Stored items
*** Begin section ***
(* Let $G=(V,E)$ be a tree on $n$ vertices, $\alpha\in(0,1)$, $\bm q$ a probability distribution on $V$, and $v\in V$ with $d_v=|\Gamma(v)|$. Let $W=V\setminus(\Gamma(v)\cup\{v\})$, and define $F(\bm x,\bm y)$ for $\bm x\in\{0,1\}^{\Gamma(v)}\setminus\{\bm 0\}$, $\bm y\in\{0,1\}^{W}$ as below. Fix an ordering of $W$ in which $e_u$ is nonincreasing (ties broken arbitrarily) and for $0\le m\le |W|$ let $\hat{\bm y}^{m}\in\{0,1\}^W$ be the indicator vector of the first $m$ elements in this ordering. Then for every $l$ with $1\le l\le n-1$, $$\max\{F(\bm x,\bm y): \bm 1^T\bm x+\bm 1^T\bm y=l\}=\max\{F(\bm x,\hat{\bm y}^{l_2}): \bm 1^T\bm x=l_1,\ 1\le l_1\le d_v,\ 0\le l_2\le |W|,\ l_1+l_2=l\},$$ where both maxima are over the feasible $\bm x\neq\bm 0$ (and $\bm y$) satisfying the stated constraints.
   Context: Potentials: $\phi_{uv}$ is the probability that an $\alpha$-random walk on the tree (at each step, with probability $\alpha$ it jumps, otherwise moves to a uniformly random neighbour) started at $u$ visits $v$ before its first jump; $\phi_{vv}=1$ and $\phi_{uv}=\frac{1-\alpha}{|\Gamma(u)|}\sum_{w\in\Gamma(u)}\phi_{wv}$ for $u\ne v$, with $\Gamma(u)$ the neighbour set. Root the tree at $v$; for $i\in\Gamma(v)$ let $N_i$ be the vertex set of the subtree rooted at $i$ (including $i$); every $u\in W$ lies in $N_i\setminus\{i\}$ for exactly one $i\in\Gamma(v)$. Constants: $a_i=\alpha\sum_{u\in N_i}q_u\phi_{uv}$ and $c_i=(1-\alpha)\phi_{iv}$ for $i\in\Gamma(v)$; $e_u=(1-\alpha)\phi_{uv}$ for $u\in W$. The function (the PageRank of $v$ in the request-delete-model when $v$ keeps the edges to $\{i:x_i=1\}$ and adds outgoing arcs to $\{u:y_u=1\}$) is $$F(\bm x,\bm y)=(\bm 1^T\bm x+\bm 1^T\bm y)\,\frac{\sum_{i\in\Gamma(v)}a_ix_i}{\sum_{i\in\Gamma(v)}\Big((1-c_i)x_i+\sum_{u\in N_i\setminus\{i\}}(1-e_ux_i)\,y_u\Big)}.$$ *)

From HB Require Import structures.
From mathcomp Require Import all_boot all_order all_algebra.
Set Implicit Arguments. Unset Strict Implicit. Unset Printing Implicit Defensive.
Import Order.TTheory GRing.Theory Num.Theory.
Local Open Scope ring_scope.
*** End section ***
*** Begin section ***
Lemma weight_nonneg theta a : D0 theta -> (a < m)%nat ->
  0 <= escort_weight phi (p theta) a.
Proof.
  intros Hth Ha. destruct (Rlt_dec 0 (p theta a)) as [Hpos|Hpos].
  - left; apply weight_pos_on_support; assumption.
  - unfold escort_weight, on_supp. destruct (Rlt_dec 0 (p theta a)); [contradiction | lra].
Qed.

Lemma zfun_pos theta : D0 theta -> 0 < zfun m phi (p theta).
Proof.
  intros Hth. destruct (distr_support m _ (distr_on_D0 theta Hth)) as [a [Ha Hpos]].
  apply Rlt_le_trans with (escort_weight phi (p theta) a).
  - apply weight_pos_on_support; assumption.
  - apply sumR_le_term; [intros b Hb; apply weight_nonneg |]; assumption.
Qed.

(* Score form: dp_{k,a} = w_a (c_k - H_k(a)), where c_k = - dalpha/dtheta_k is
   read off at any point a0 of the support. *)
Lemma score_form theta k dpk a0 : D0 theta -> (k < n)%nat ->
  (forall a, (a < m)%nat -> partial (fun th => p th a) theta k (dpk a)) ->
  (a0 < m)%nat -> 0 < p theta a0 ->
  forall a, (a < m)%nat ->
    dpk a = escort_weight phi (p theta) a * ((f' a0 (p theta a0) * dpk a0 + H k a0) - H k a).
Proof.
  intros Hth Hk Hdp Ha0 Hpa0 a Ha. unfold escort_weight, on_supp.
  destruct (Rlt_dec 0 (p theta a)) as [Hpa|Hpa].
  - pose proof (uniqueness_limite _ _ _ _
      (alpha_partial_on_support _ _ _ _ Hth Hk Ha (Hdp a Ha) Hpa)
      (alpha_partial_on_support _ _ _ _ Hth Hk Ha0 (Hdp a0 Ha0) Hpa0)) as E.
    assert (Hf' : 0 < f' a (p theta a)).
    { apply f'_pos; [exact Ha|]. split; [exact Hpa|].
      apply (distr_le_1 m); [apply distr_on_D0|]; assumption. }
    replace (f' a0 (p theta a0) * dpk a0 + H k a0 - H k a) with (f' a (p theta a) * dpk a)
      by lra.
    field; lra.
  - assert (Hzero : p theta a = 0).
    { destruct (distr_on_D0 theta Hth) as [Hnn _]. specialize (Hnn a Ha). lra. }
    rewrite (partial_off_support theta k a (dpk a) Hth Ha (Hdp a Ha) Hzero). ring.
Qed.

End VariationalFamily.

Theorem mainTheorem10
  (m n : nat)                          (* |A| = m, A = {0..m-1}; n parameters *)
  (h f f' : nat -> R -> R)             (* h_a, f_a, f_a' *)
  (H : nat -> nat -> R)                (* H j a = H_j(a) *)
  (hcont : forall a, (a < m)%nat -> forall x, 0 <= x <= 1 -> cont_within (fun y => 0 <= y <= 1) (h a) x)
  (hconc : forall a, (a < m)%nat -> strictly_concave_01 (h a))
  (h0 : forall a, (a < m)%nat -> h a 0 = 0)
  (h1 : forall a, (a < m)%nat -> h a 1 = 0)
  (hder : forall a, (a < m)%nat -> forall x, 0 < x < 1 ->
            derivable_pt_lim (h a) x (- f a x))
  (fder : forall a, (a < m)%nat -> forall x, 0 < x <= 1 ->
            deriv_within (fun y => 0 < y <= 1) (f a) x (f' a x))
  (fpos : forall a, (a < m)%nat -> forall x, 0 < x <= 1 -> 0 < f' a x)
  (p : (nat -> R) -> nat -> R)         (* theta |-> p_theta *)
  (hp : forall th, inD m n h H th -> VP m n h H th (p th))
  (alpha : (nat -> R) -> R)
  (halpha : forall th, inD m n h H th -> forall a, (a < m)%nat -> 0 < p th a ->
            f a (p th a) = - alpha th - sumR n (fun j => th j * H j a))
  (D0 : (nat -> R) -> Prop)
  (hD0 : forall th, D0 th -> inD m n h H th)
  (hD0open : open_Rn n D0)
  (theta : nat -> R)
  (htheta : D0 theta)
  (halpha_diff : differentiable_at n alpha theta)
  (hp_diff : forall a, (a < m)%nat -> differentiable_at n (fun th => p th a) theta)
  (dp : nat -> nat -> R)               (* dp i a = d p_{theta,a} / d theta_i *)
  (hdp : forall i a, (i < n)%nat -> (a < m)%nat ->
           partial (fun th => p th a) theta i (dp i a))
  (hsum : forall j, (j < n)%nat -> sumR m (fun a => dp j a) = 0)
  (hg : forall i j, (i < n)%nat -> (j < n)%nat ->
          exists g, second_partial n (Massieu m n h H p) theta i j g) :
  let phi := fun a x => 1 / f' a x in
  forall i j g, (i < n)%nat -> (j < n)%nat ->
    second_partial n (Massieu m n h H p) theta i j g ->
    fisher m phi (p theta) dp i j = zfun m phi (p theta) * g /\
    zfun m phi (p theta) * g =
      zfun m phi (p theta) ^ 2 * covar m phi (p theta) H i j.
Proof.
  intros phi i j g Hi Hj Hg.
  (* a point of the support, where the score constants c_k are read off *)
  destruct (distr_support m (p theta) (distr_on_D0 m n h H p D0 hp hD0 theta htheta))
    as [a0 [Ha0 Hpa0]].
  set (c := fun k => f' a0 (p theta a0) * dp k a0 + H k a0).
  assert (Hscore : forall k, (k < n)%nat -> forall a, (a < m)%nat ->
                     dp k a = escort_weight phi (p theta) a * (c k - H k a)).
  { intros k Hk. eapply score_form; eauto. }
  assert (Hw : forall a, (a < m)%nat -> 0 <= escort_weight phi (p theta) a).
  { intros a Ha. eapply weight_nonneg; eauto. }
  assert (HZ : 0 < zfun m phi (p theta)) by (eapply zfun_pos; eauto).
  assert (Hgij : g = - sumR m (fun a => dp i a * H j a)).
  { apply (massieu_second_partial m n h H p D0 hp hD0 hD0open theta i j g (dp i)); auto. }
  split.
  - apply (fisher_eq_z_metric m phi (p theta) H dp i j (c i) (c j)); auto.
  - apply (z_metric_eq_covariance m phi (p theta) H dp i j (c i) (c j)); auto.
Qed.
*** End section ***
*** Begin section ***
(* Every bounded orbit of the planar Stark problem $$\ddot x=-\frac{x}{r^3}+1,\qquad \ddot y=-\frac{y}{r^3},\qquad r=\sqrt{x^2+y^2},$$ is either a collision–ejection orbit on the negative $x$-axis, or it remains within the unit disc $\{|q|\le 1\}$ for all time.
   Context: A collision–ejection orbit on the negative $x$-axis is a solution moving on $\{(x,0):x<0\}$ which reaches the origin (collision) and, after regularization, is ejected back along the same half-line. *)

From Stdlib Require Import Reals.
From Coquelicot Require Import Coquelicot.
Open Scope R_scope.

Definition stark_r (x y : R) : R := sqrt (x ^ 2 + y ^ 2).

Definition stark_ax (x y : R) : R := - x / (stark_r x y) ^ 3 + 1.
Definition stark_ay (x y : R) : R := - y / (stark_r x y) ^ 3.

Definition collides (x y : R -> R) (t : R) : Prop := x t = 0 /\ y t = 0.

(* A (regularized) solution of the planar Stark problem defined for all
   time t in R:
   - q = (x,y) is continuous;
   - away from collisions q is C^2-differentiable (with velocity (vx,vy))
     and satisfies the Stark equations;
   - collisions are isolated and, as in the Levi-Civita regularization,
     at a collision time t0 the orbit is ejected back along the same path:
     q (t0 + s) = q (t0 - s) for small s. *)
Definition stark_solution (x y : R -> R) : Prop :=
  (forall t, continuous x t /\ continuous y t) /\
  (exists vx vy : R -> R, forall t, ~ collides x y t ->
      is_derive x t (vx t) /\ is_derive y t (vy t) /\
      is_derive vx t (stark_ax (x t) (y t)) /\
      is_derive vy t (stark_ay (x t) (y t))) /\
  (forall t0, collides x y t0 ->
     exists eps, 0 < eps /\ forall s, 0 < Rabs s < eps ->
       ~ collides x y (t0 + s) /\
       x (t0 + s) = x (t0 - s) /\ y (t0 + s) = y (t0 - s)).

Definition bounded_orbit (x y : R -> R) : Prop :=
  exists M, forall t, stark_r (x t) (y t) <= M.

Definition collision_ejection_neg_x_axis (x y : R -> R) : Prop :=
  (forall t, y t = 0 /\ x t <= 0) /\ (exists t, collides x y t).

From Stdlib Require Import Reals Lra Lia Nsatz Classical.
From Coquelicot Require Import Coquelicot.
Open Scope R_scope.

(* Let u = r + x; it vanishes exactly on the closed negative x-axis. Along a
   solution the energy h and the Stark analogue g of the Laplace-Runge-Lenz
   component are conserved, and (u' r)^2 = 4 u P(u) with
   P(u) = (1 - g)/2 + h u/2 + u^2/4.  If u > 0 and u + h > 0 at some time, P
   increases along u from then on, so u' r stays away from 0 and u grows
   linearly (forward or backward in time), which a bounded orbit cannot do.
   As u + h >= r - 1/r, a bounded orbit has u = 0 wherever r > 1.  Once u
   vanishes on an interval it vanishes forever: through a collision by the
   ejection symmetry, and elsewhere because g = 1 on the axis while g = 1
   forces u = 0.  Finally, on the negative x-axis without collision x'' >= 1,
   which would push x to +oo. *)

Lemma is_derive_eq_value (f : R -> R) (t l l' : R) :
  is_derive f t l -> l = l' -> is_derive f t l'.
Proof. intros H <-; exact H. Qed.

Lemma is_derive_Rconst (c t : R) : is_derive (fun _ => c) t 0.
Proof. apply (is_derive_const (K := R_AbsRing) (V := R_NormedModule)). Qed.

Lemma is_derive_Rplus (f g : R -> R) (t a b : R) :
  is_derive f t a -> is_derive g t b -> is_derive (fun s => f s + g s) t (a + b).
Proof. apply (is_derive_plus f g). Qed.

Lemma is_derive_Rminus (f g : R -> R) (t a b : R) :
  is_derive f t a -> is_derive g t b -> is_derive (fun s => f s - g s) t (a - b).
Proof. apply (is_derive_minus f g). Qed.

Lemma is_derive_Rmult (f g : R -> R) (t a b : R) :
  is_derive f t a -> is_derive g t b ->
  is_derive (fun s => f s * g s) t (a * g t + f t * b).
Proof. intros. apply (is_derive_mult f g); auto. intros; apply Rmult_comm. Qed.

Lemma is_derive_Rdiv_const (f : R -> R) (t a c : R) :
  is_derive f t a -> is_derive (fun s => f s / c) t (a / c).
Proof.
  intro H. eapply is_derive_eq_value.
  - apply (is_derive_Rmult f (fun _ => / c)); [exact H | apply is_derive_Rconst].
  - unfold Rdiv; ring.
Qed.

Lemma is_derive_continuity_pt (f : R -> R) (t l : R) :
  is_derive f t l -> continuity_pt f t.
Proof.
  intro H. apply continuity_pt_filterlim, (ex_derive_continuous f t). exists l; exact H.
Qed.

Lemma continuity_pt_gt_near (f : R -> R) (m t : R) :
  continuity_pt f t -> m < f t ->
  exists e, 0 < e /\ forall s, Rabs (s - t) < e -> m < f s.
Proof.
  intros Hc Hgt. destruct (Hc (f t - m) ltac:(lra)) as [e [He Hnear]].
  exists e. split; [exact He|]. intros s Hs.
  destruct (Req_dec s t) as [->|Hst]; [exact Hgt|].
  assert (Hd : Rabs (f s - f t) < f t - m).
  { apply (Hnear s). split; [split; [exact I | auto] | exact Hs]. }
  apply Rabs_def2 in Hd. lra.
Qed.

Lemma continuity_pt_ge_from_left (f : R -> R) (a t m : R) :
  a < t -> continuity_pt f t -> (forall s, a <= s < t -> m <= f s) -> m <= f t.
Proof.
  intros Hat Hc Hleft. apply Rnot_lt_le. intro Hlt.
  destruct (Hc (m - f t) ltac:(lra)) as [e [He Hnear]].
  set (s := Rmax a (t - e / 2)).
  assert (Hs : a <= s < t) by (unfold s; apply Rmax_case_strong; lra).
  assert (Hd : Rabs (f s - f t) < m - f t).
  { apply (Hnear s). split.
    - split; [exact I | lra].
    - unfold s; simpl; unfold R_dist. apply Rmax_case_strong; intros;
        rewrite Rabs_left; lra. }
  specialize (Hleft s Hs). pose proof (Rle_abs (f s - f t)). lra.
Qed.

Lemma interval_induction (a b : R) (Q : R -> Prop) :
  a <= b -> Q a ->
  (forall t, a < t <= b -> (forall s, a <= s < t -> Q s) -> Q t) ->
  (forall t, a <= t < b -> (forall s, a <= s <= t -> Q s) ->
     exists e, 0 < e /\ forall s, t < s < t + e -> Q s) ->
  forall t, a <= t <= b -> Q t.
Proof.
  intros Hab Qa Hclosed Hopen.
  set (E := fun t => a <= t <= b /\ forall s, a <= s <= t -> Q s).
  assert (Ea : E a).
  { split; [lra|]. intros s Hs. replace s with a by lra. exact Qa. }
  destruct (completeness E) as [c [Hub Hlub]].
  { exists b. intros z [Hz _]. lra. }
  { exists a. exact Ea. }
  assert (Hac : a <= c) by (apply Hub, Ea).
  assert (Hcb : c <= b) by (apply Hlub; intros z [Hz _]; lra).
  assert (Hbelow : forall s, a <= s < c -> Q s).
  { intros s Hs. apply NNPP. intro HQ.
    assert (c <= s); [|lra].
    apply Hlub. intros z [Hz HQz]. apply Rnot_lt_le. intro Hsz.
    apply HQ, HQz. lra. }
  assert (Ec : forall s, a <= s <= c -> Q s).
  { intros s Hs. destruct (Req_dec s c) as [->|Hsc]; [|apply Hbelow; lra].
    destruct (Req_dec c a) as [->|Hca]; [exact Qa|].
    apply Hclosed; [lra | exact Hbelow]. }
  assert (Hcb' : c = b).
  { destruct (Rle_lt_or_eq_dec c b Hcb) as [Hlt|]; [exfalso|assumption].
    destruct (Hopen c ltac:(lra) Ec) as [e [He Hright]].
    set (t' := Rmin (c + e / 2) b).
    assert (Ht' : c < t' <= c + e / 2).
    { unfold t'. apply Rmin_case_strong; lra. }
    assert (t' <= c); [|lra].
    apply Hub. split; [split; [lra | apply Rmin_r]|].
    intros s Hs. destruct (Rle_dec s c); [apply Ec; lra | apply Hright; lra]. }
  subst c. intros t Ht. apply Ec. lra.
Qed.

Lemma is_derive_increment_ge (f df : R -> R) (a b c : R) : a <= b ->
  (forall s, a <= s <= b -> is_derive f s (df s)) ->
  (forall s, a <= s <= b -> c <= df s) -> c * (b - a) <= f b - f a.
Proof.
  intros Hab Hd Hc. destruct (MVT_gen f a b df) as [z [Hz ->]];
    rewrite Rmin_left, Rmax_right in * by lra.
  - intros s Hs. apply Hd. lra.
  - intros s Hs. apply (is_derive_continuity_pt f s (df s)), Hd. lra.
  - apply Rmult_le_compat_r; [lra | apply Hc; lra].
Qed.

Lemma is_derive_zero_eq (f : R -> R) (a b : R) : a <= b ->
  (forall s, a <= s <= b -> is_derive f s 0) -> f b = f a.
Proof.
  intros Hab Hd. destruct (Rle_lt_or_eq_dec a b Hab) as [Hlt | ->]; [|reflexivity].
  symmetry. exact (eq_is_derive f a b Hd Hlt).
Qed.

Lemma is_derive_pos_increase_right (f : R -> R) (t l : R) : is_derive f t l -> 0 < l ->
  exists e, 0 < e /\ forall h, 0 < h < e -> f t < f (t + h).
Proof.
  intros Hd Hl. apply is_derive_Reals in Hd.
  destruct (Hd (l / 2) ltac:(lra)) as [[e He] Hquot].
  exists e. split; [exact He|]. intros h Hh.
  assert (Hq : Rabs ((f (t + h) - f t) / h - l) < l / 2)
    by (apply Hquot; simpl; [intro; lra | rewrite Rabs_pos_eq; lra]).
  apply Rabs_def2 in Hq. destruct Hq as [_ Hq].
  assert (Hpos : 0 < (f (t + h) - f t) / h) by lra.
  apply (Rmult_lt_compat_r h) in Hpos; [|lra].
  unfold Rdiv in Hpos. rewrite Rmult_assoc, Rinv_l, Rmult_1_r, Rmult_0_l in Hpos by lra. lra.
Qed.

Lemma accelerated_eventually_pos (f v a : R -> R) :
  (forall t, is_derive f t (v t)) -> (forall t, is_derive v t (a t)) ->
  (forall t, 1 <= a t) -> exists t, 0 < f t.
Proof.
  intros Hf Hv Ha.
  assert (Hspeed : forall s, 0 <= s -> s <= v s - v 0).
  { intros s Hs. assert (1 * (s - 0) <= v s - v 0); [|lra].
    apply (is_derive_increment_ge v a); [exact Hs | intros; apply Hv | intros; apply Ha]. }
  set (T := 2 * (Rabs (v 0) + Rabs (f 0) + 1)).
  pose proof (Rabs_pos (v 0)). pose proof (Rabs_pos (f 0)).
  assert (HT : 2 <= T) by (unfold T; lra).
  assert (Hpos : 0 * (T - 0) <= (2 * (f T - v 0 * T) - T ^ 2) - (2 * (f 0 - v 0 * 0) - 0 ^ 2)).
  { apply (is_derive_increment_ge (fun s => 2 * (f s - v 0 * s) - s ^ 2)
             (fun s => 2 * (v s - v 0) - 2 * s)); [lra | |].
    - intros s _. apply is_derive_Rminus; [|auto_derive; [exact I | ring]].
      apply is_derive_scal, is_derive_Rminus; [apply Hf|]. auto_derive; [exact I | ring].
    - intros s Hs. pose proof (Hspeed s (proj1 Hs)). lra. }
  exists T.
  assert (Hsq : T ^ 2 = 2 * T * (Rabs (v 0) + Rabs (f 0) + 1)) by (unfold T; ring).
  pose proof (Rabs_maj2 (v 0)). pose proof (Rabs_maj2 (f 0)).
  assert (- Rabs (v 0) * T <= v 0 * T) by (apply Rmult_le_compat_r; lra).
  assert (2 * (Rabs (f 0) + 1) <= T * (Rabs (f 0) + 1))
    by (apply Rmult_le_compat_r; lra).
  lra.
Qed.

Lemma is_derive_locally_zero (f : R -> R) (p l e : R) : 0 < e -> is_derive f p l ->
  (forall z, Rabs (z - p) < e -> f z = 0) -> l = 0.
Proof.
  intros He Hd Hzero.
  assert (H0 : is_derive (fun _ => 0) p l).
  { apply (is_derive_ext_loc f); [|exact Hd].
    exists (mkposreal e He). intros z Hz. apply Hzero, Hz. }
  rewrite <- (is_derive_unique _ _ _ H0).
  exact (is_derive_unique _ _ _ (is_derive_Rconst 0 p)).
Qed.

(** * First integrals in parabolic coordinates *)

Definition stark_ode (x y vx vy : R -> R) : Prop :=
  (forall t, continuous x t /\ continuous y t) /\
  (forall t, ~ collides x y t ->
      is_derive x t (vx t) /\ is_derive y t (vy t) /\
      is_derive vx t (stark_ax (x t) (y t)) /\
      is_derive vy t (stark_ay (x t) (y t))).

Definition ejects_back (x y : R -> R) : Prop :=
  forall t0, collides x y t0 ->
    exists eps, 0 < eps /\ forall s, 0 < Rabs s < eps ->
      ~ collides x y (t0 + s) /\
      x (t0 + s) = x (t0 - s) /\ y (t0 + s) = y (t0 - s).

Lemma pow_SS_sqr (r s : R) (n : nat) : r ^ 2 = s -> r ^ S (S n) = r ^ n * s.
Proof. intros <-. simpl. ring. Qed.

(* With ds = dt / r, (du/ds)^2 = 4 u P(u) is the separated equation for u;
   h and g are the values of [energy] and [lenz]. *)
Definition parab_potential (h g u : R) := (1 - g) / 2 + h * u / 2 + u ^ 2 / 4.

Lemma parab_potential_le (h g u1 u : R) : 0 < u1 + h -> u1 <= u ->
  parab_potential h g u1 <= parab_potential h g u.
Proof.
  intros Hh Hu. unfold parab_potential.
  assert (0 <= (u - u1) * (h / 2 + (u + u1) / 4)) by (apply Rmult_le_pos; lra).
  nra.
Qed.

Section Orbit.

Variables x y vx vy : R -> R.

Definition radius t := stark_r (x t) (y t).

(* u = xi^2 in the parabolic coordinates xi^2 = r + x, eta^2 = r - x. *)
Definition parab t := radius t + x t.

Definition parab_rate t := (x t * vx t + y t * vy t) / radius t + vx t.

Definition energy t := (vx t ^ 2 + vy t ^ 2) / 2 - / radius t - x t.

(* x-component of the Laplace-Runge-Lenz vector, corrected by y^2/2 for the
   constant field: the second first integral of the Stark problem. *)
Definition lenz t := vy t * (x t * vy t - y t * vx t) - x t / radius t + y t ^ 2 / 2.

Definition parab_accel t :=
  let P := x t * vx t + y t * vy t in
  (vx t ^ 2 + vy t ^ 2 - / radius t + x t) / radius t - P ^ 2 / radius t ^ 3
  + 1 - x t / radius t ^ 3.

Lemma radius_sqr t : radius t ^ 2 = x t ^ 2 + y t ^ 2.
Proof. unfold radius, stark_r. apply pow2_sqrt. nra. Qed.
*** End section ***
■ What you have to do
Could you restate word for word the lines above, from the one that contains "(halpha : forall" through the one that contains "set (c := fun", and no others?

■ Task result
  (halpha : forall th, inD m n h H th -> forall a, (a < m)%nat -> 0 < p th a ->
            f a (p th a) = - alpha th - sumR n (fun j => th j * H j a))
  (D0 : (nat -> R) -> Prop)
  (hD0 : forall th, D0 th -> inD m n h H th)
  (hD0open : open_Rn n D0)
  (theta : nat -> R)
  (htheta : D0 theta)
  (halpha_diff : differentiable_at n alpha theta)
  (hp_diff : forall a, (a < m)%nat -> differentiable_at n (fun th => p th a) theta)
  (dp : nat -> nat -> R)               (* dp i a = d p_{theta,a} / d theta_i *)
  (hdp : forall i a, (i < n)%nat -> (a < m)%nat ->
           partial (fun th => p th a) theta i (dp i a))
  (hsum : forall j, (j < n)%nat -> sumR m (fun a => dp j a) = 0)
  (hg : forall i j, (i < n)%nat -> (j < n)%nat ->
          exists g, second_partial n (Massieu m n h H p) theta i j g) :
  let phi := fun a x => 1 / f' a x in
  forall i j g, (i < n)%nat -> (j < n)%nat ->
    second_partial n (Massieu m n h H p) theta i j g ->
    fisher m phi (p theta) dp i j = zfun m phi (p theta) * g /\
    zfun m phi (p theta) * g =
      zfun m phi (p theta) ^ 2 * covar m phi (p theta) H i j.
Proof.
  intros phi i j g Hi Hj Hg.
  (* a point of the support, where the score constants c_k are read off *)
  destruct (distr_support m (p theta) (distr_on_D0 m n h H p D0 hp hD0 theta htheta))
    as [a0 [Ha0 Hpa0]].
  set (c := fun k => f' a0 (p theta a0) * dp k a0 + H k a0).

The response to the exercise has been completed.